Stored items
────────────────────
(* Let $G$ be a dense $K_4^3\cup e$-free $3$-graph on $[n]$ with $\lambda(G)>\frac{\sqrt3}{18}$, in which $\{1,2,3,4\}$ spans a $K_4^3$, and let $\vec x$ be an optimum weight vector for $G$. Then for every $v\in[n]$, $\omega(G_v)\ge3$ and $x_v<1-\sqrt{\frac{\sqrt3}{3}\cdot\frac{\omega(G_v)}{\omega(G_v)-1}}$. Moreover, for every $v\in[n]\setminus\{1,2,3,4\}$, $3\le\omega(G_v)\le4$; consequently $x_v<0.0694$ if $\omega(G_v)=3$ and $x_v<0.12262$ if $\omega(G_v)=4$.
   Context: $K_4^3\cup e$ is the $3$-graph on $\{1,\dots,7\}$ with edges $\{123,124,134,234,567\}$. For a $3$-graph $G$ on $[n]$, $\lambda(G,\vec x)=\sum_{e\in E(G)}\prod_{i\in e}x_i$ and $\lambda(G)=\max\{\lambda(G,\vec x):\sum_ix_i=1,x_i\ge0\}$; an optimum weight vector is a maximizer. $G$ is dense if $\lambda(G')<\lambda(G)$ for every proper subgraph $G'$. The link graph $G_v$ of $v$ is the $2$-graph on $V(G)$ with edge set $\{e\setminus\{v\}: v\in e\in E(G)\}$, and $\omega(G_v)$ is the number of vertices of a maximum complete subgraph (clique) of $G_v$. *)

From HB Require Import structures.
From mathcomp Require Import all_boot all_order all_algebra.
From mathcomp Require Import boolp classical_sets reals.
Set Implicit Arguments. Unset Strict Implicit. Unset Printing Implicit Defensive.
Import Order.TTheory GRing.Theory Num.Theory.
Local Open Scope ring_scope.

(* A 3-graph on [n] (vertices 'I_n, paper vertex k+1 = ordinal k) is a set of
   3-element vertex sets. *)
Definition uniform3 (n : nat) (G : {set {set 'I_n}}) : Prop :=
  forall e, e \in G -> #|e| = 3%N.

Definition lam (R : realType) (n : nat) (G : {set {set 'I_n}}) (x : 'I_n -> R) : R :=
  \sum_(e in G) \prod_(i in e) x i.

Definition simplex (R : realType) (n : nat) (S : {set 'I_n}) (x : 'I_n -> R) : Prop :=
  (forall i, 0 <= x i) /\ \sum_i x i = 1 /\ (forall i, i \notin S -> x i = 0).

Definition lagr (R : realType) (n : nat) (S : {set 'I_n}) (G : {set {set 'I_n}}) : R :=
  sup [set lam G x | x in [set x | simplex S x]]%classic.

Definition lagrangian (R : realType) (n : nat) (G : {set {set 'I_n}}) : R :=
  lagr R [set: 'I_n] G.

Definition optimum (R : realType) (n : nat) (G : {set {set 'I_n}}) (x : 'I_n -> R) : Prop :=
  simplex [set: 'I_n] x /\ forall y, simplex [set: 'I_n] y -> lam G y <= lam G x.

Definition proper_subgraph (n : nat) (G : {set {set 'I_n}})
    (S : {set 'I_n}) (E : {set {set 'I_n}}) : Prop :=
  E \subset G /\ (forall e, e \in E -> e \subset S) /\ (S != [set: 'I_n] \/ E != G).

Definition dense (R : realType) (n : nat) (G : {set {set 'I_n}}) : Prop :=
  forall S E, proper_subgraph G S E -> lagr R S E < lagrangian R G.

(* K_4^3 u e-free: no injective f : [7] -> [n] mapping
   123,124,134,234,567 onto edges of G. *)
Definition K43e_free (n : nat) (G : {set {set 'I_n}}) : Prop :=
  ~ exists f : 'I_7 -> 'I_n, injective f /\
     [set f (inord 0); f (inord 1); f (inord 2)] \in G /\
     [set f (inord 0); f (inord 1); f (inord 3)] \in G /\
     [set f (inord 0); f (inord 2); f (inord 3)] \in G /\
     [set f (inord 1); f (inord 2); f (inord 3)] \in G /\
     [set f (inord 4); f (inord 5); f (inord 6)] \in G.

Definition link_adj (n : nat) (G : {set {set 'I_n}}) (v a b : 'I_n) : bool :=
  [&& a != b & [set v; a; b] \in G].

Definition is_clique (n : nat) (G : {set {set 'I_n}}) (v : 'I_n) (K : {set 'I_n}) : bool :=
  [forall a in K, forall b in K, (a != b) ==> link_adj G v a b].

Definition omega (n : nat) (G : {set {set 'I_n}}) (v : 'I_n) : nat :=
  \max_(K : {set 'I_n} | is_clique G v K) #|K|.

(* {1,2,3,4} (0-based: ordinals 0..3) spans a K_4^3 *)
Definition first4_K43 (n : nat) (G : {set {set 'I_n}}) : Prop :=
  forall i j k : 'I_n, (i < 4)%N -> (j < 4)%N -> (k < 4)%N ->
    i != j -> i != k -> j != k -> [set i; j; k] \in G.

(* By density every vertex carries positive weight, so the first-order
   optimality condition gives dlam/dx_v >= 3 lam.  Twice dlam/dx_v is the
   quadratic form of the link graph G_v at the weights of the other vertices,
   which by Motzkin-Straus is at most (1 - 1/omega(G_v)) (1 - x_v)^2.  With
   lam > sqrt 3 / 18 this forces omega(G_v) >= 3 and the bound on x_v, and,
   since the weights sum to 1, also n >= 7.
   Density also puts every pair of vertices in a common edge: otherwise moving
   weight between them would not decrease lam and would empty one of them.
   For v outside {1,2,3,4}, a clique of size 5 in G_v either contains two
   vertices outside {1,2,3,4}, which span with v an edge disjoint from the
   K_4^3, or contains all of {1,2,3,4}; then an edge through two further
   outer vertices meets {1,2,3,4} in a single vertex z, and v with the three
   other vertices of {1,2,3,4} spans a K_4^3 disjoint from that edge. *)

From HB Require Import structures.
From mathcomp Require Import all_boot all_order all_algebra.
From mathcomp Require Import boolp classical_sets reals.
From mathcomp Require Import ring lra zify.
Import Order.TTheory GRing.Theory Num.Theory.
Local Open Scope ring_scope.
Set Implicit Arguments. Unset Strict Implicit.

Section MotzkinStraus.

Variables (R : realFieldType) (T : finType).
Implicit Types (y : T -> R) (a b c : T) (t : R).

Definition shift y a t := fun c => y c + (if c == a then t else 0).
────────────────────
> **Task to complete**:
Write out every line of the records exactly.

> **Finished exercise**:
(* Let $G$ be a dense $K_4^3\cup e$-free $3$-graph on $[n]$ with $\lambda(G)>\frac{\sqrt3}{18}$, in which $\{1,2,3,4\}$ spans a $K_4^3$, and let $\vec x$ be an optimum weight vector for $G$. Then for every $v\in[n]$, $\omega(G_v)\ge3$ and $x_v<1-\sqrt{\frac{\sqrt3}{3}\cdot\frac{\omega(G_v)}{\omega(G_v)-1}}$. Moreover, for every $v\in[n]\setminus\{1,2,3,4\}$, $3\le\omega(G_v)\le4$; consequently $x_v<0.0694$ if $\omega(G_v)=3$ and $x_v<0.12262$ if $\omega(G_v)=4$.
   Context: $K_4^3\cup e$ is the $3$-graph on $\{1,\dots,7\}$ with edges $\{123,124,134,234,567\}$. For a $3$-graph $G$ on $[n]$, $\lambda(G,\vec x)=\sum_{e\in E(G)}\prod_{i\in e}x_i$ and $\lambda(G)=\max\{\lambda(G,\vec x):\sum_ix_i=1,x_i\ge0\}$; an optimum weight vector is a maximizer. $G$ is dense if $\lambda(G')<\lambda(G)$ for every proper subgraph $G'$. The link graph $G_v$ of $v$ is the $2$-graph on $V(G)$ with edge set $\{e\setminus\{v\}: v\in e\in E(G)\}$, and $\omega(G_v)$ is the number of vertices of a maximum complete subgraph (clique) of $G_v$. *)

From HB Require Import structures.
From mathcomp Require Import all_boot all_order all_algebra.
From mathcomp Require Import boolp classical_sets reals.
Set Implicit Arguments. Unset Strict Implicit. Unset Printing Implicit Defensive.
Import Order.TTheory GRing.Theory Num.Theory.
Local Open Scope ring_scope.

(* A 3-graph on [n] (vertices 'I_n, paper vertex k+1 = ordinal k) is a set of
   3-element vertex sets. *)
Definition uniform3 (n : nat) (G : {set {set 'I_n}}) : Prop :=
  forall e, e \in G -> #|e| = 3%N.

Definition lam (R : realType) (n : nat) (G : {set {set 'I_n}}) (x : 'I_n -> R) : R :=
  \sum_(e in G) \prod_(i in e) x i.

Definition simplex (R : realType) (n : nat) (S : {set 'I_n}) (x : 'I_n -> R) : Prop :=
  (forall i, 0 <= x i) /\ \sum_i x i = 1 /\ (forall i, i \notin S -> x i = 0).

Definition lagr (R : realType) (n : nat) (S : {set 'I_n}) (G : {set {set 'I_n}}) : R :=
  sup [set lam G x | x in [set x | simplex S x]]%classic.

Definition lagrangian (R : realType) (n : nat) (G : {set {set 'I_n}}) : R :=
  lagr R [set: 'I_n] G.

Definition optimum (R : realType) (n : nat) (G : {set {set 'I_n}}) (x : 'I_n -> R) : Prop :=
  simplex [set: 'I_n] x /\ forall y, simplex [set: 'I_n] y -> lam G y <= lam G x.

Definition proper_subgraph (n : nat) (G : {set {set 'I_n}})
    (S : {set 'I_n}) (E : {set {set 'I_n}}) : Prop :=
  E \subset G /\ (forall e, e \in E -> e \subset S) /\ (S != [set: 'I_n] \/ E != G).

Definition dense (R : realType) (n : nat) (G : {set {set 'I_n}}) : Prop :=
  forall S E, proper_subgraph G S E -> lagr R S E < lagrangian R G.

(* K_4^3 u e-free: no injective f : [7] -> [n] mapping
   123,124,134,234,567 onto edges of G. *)
Definition K43e_free (n : nat) (G : {set {set 'I_n}}) : Prop :=
  ~ exists f : 'I_7 -> 'I_n, injective f /\
     [set f (inord 0); f (inord 1); f (inord 2)] \in G /\
     [set f (inord 0); f (inord 1); f (inord 3)] \in G /\
     [set f (inord 0); f (inord 2); f (inord 3)] \in G /\
     [set f (inord 1); f (inord 2); f (inord 3)] \in G /\
     [set f (inord 4); f (inord 5); f (inord 6)] \in G.

Definition link_adj (n : nat) (G : {set {set 'I_n}}) (v a b : 'I_n) : bool :=
  [&& a != b & [set v; a; b] \in G].

Definition is_clique (n : nat) (G : {set {set 'I_n}}) (v : 'I_n) (K : {set 'I_n}) : bool :=
  [forall a in K, forall b in K, (a != b) ==> link_adj G v a b].

Definition omega (n : nat) (G : {set {set 'I_n}}) (v : 'I_n) : nat :=
  \max_(K : {set 'I_n} | is_clique G v K) #|K|.

(* {1,2,3,4} (0-based: ordinals 0..3) spans a K_4^3 *)
Definition first4_K43 (n : nat) (G : {set {set 'I_n}}) : Prop :=
  forall i j k : 'I_n, (i < 4)%N -> (j < 4)%N -> (k < 4)%N ->
    i != j -> i != k -> j != k -> [set i; j; k] \in G.

(* By density every vertex carries positive weight, so the first-order
   optimality condition gives dlam/dx_v >= 3 lam.  Twice dlam/dx_v is the
   quadratic form of the link graph G_v at the weights of the other vertices,
   which by Motzkin-Straus is at most (1 - 1/omega(G_v)) (1 - x_v)^2.  With
   lam > sqrt 3 / 18 this forces omega(G_v) >= 3 and the bound on x_v, and,
   since the weights sum to 1, also n >= 7.
   Density also puts every pair of vertices in a common edge: otherwise moving
   weight between them would not decrease lam and would empty one of them.
   For v outside {1,2,3,4}, a clique of size 5 in G_v either contains two
   vertices outside {1,2,3,4}, which span with v an edge disjoint from the
   K_4^3, or contains all of {1,2,3,4}; then an edge through two further
   outer vertices meets {1,2,3,4} in a single vertex z, and v with the three
   other vertices of {1,2,3,4} spans a K_4^3 disjoint from that edge. *)

From HB Require Import structures.
From mathcomp Require Import all_boot all_order all_algebra.
From mathcomp Require Import boolp classical_sets reals.
From mathcomp Require Import ring lra zify.
Import Order.TTheory GRing.Theory Num.Theory.
Local Open Scope ring_scope.
Set Implicit Arguments. Unset Strict Implicit.

Section MotzkinStraus.

Variables (R : realFieldType) (T : finType).
Implicit Types (y : T -> R) (a b c : T) (t : R).

Definition shift y a t := fun c => y c + (if c == a then t else 0).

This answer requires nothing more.